WHAT TO DO:
Take the data below and extract the lines from the one with "Variables (R : realType) (d L : nat)." to the one with "Definition Lap (x", inclusive, exactly as written.

Collected data:
┏━━
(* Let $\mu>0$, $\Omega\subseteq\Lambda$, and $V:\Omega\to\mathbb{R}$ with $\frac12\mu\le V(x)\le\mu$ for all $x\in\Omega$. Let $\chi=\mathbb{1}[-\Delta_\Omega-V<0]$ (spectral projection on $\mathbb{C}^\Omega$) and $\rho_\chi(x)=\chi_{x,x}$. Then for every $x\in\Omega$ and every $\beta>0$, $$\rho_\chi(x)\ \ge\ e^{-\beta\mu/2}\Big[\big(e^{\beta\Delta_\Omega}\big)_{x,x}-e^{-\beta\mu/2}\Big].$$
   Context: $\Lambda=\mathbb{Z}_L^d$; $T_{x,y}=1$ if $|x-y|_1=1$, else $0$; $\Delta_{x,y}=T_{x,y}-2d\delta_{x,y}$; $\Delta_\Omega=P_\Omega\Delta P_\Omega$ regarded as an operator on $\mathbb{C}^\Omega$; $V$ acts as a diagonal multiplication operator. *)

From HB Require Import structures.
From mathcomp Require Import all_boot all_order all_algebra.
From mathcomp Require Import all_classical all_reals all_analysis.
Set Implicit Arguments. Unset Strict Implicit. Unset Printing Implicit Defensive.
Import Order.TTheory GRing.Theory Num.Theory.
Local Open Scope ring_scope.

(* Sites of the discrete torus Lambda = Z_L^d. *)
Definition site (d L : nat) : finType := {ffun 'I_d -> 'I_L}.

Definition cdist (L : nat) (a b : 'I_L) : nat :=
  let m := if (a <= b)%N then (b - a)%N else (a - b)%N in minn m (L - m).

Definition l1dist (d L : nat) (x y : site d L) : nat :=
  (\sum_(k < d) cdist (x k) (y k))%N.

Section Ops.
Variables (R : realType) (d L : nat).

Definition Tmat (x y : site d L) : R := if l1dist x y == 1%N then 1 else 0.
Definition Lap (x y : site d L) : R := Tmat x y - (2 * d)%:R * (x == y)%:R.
┗━━
┏━━
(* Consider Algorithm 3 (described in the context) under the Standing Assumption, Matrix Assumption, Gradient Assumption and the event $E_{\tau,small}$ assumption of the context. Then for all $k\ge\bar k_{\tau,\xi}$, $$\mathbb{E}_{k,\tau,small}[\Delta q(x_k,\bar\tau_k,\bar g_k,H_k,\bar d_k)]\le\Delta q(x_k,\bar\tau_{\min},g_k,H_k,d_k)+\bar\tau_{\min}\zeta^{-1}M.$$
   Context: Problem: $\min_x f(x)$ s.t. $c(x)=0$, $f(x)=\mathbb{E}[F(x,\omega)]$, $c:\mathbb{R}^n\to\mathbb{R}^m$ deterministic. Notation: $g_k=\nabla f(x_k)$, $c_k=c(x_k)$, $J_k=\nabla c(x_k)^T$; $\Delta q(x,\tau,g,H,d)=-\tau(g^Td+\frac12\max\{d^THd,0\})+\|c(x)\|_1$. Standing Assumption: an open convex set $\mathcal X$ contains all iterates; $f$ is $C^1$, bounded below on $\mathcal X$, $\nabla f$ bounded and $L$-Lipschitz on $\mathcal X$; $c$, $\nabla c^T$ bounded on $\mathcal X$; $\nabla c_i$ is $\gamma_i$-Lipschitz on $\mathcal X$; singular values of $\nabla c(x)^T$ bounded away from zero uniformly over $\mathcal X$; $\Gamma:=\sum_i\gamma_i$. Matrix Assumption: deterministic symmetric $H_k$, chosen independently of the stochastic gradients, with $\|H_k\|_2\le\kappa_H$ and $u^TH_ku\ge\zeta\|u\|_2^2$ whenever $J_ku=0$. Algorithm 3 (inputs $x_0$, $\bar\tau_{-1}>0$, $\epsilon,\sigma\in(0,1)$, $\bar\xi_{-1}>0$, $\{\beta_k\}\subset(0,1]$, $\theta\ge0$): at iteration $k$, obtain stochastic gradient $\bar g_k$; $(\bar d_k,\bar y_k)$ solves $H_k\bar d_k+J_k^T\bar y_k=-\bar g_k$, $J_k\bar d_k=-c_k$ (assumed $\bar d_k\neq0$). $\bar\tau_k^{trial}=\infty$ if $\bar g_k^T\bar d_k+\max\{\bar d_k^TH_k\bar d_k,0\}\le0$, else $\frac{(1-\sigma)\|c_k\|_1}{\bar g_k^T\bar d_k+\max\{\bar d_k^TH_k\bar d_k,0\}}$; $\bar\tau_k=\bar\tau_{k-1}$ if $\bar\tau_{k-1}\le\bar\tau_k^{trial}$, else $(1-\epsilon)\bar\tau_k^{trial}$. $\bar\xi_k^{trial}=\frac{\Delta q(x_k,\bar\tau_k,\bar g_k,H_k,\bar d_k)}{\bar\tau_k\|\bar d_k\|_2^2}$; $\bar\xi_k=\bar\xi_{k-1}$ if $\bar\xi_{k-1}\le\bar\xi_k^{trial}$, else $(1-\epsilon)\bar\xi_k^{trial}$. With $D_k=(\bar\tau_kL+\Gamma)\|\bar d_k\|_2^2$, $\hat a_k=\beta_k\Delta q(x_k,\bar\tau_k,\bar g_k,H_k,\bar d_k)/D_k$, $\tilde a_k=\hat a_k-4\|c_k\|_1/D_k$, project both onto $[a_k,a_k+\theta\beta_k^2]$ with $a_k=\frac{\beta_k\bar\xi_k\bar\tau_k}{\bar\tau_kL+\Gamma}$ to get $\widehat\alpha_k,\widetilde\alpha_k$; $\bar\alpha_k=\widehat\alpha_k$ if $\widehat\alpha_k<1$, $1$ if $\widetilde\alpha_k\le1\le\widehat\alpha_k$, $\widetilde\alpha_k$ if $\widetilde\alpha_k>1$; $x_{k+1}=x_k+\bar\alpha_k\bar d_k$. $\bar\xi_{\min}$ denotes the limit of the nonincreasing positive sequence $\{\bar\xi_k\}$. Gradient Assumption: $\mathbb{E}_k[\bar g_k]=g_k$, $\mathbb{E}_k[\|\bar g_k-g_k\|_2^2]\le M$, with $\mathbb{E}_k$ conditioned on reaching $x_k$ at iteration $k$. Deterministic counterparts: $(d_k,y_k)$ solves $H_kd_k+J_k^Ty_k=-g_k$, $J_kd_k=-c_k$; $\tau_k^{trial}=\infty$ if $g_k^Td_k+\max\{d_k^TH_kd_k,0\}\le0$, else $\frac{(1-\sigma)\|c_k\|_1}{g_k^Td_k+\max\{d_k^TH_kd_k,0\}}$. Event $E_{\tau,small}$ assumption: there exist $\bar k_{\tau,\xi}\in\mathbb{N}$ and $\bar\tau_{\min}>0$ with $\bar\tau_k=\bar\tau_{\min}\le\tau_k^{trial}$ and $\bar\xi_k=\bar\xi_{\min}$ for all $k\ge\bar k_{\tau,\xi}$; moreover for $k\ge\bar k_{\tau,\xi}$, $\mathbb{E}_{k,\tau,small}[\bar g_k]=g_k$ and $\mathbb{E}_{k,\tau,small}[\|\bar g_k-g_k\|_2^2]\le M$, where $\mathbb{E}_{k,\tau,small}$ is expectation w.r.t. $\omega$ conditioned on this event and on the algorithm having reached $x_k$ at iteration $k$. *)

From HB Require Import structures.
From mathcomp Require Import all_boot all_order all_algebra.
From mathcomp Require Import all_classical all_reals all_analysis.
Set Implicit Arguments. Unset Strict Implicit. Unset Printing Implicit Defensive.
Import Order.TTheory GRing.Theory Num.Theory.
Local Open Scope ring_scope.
┗━━
SOLUTION TO THE EXERCISE:
Variables (R : realType) (d L : nat).

Definition Tmat (x y : site d L) : R := if l1dist x y == 1%N then 1 else 0.
Definition Lap (x y : site d L) : R := Tmat x y - (2 * d)%:R * (x == y)%:R.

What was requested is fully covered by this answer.